# [Exercise description]
Below are the entries to work from; restate word for word the portion that opens with the line containing "Definition is_spath (X" and closes with the line containing "[seq p <- flatten", keeping both.

---------- Available data

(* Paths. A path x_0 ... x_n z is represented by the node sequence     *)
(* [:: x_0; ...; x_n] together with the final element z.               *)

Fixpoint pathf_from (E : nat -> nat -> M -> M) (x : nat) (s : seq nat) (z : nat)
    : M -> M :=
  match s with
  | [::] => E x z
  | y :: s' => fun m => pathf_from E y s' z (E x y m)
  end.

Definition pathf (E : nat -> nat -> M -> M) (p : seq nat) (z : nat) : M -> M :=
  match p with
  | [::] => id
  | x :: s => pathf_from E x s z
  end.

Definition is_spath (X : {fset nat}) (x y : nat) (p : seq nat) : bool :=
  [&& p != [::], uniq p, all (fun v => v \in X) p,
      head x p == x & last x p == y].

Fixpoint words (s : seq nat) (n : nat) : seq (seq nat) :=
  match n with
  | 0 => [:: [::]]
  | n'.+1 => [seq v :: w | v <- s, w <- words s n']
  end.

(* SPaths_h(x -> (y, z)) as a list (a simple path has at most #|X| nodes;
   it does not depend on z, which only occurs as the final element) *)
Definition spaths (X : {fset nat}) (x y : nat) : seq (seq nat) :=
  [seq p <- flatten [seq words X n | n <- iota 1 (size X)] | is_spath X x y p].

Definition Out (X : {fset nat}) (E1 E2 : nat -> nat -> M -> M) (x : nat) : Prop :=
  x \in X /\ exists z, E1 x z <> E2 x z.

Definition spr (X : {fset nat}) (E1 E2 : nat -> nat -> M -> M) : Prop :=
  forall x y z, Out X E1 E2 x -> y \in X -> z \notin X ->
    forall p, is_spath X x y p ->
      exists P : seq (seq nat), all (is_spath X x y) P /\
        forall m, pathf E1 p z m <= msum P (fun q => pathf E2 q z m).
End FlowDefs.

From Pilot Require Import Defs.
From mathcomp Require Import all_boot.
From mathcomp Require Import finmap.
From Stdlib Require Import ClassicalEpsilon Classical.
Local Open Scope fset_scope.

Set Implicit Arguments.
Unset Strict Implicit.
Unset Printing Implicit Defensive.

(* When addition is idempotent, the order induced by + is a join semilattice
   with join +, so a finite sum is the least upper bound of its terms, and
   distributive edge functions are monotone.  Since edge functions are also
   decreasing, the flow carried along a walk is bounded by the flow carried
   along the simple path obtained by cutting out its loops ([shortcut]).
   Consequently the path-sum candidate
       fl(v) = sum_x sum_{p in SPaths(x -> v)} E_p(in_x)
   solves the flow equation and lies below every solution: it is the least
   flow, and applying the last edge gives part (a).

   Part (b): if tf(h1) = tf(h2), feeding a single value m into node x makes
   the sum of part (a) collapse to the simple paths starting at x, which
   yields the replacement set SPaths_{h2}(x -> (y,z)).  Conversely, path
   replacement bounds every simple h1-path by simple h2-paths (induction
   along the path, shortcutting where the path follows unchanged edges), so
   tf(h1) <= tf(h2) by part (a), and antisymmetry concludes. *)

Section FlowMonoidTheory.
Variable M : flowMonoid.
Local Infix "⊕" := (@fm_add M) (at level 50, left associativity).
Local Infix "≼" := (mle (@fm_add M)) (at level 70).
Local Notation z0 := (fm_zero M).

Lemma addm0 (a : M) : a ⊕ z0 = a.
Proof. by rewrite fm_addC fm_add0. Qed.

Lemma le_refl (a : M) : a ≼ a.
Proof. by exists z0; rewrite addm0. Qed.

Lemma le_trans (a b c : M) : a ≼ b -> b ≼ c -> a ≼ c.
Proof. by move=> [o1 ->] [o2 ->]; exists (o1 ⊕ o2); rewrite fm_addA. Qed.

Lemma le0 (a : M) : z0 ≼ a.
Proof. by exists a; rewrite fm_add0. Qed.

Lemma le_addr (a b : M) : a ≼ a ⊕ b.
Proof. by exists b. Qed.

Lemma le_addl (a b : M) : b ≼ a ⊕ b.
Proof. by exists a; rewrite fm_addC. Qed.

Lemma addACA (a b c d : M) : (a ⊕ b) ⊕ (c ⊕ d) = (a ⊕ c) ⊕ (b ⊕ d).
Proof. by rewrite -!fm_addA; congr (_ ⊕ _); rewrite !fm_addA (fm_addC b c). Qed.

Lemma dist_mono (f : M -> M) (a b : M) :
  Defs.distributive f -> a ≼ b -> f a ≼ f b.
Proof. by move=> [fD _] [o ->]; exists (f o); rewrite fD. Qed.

--------------------

# [Solved exercise]
Definition is_spath (X : {fset nat}) (x y : nat) (p : seq nat) : bool :=
  [&& p != [::], uniq p, all (fun v => v \in X) p,
      head x p == x & last x p == y].

Fixpoint words (s : seq nat) (n : nat) : seq (seq nat) :=
  match n with
  | 0 => [:: [::]]
  | n'.+1 => [seq v :: w | v <- s, w <- words s n']
  end.

(* SPaths_h(x -> (y, z)) as a list (a simple path has at most #|X| nodes;
   it does not depend on z, which only occurs as the final element) *)
Definition spaths (X : {fset nat}) (x y : nat) : seq (seq nat) :=
  [seq p <- flatten [seq words X n | n <- iota 1 (size X)] | is_spath X x y p].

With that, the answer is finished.